Lemma mixed_radix_lt a b e : (forall s, a <= s < b -> e s < base s) ->
  mixed_radix a b e < \prod_(a <= s < b) base s.
Proof.
elim: b => [|b IHb] e_lt; first by rewrite /mixed_radix !big_geq.
have [ab|ba] := leqP a b; last by rewrite /mixed_radix !big_geq.
have lo : mixed_radix a b e < \prod_(a <= s < b) base s.
  by apply: IHb => s /andP[a_s sb]; rewrite e_lt // a_s ltnW.
have hi : e b < base b by rewrite e_lt // ab leqnn.
rewrite mixed_radixS // big_nat_recr //=; nia.
Qed.

Lemma mixed_radix_inj a b e e' :
  (forall s, a <= s < b -> e s < base s) -> (forall s, a <= s < b -> e' s < base s) ->
  mixed_radix a b e = mixed_radix a b e' -> forall s, a <= s < b -> e s = e' s.
Proof.
elim: b => [|b IHb] e_lt e'_lt eq_e s; first by rewrite ltn0 andbF.
have [ab|ba] := leqP a b; last by move=> /andP[a_s sb]; lia.
have [eq_init eq_last] : mixed_radix a b e = mixed_radix a b e' /\ e b = e' b.
  move: eq_e; rewrite !mixed_radixS // => /(congr1 (edivn^~ (base b))).
  by rewrite !edivn_eq ?e_lt ?e'_lt ?ab ?leqnn // => -[].
move=> /andP[a_s]; rewrite ltnS leq_eqVlt => /orP[/eqP -> //|sb].
apply: IHb => [t /andP[a_t tb]|t /andP[a_t tb]||]; rewrite ?a_s //.
- by rewrite e_lt // a_t ltnW.
- by rewrite e'_lt // a_t ltnW.
Qed.

End MixedRadix.

Section IotaMap.
Local Open Scope nat_scope.

Lemma iota_mapE n Ds es : iota_map n Ds es =
  mixed_radix (nth 0 Ds) n (size Ds) (nth 0 es) * \prod_(0 <= s < n) nth 0 Ds s +
  mixed_radix (nth 0 Ds) 0 n (nth 0 es).
Proof. by rewrite /iota_map mulnC. Qed.

Lemma iota_map_inj n Ds es es' : n <= size Ds ->
  size es = size Ds -> size es' = size Ds ->
  (forall s, s < size Ds -> nth 0 es s < nth 0 Ds s) ->
  (forall s, s < size Ds -> nth 0 es' s < nth 0 Ds s) ->
  iota_map n Ds es = iota_map n Ds es' -> es = es'.
Proof.
move=> n_le es_size es'_size es_lt es'_lt.
have low_lt e : (forall s, s < size Ds -> nth 0 e s < nth 0 Ds s) ->
    forall s, 0 <= s < n -> nth 0 e s < nth 0 Ds s.
  by move=> e_lt s /andP[_ sn]; rewrite e_lt // (leq_trans sn).
have high_lt e : (forall s, s < size Ds -> nth 0 e s < nth 0 Ds s) ->
    forall s, n <= s < size Ds -> nth 0 e s < nth 0 Ds s.
  by move=> e_lt s /andP[_ sk]; rewrite e_lt.
rewrite !iota_mapE => /(congr1 (edivn^~ (\prod_(0 <= s < n) nth 0 Ds s))).
rewrite !edivn_eq ?(mixed_radix_lt (low_lt _ es_lt)) ?(mixed_radix_lt (low_lt _ es'_lt)) //.
case=> eq_hi eq_lo.
apply: (@eq_from_nth _ 0) => [|s]; first by rewrite es_size es'_size.
rewrite es_size => s_lt; have [sn|ns] := ltnP s n.
  by apply: (mixed_radix_inj (low_lt _ es_lt) (low_lt _ es'_lt) eq_lo).
by apply: (mixed_radix_inj (high_lt _ es_lt) (high_lt _ es'_lt) eq_hi); rewrite ns.
Qed.

End IotaMap.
= = = = = = =
If a line of the records above holds the word "leqnn", show it.

■ **Exercise result**
have hi : e b < base b by rewrite e_lt // ab leqnn.
  by rewrite !edivn_eq ?e_lt ?e'_lt ?ab ?leqnn // => -[].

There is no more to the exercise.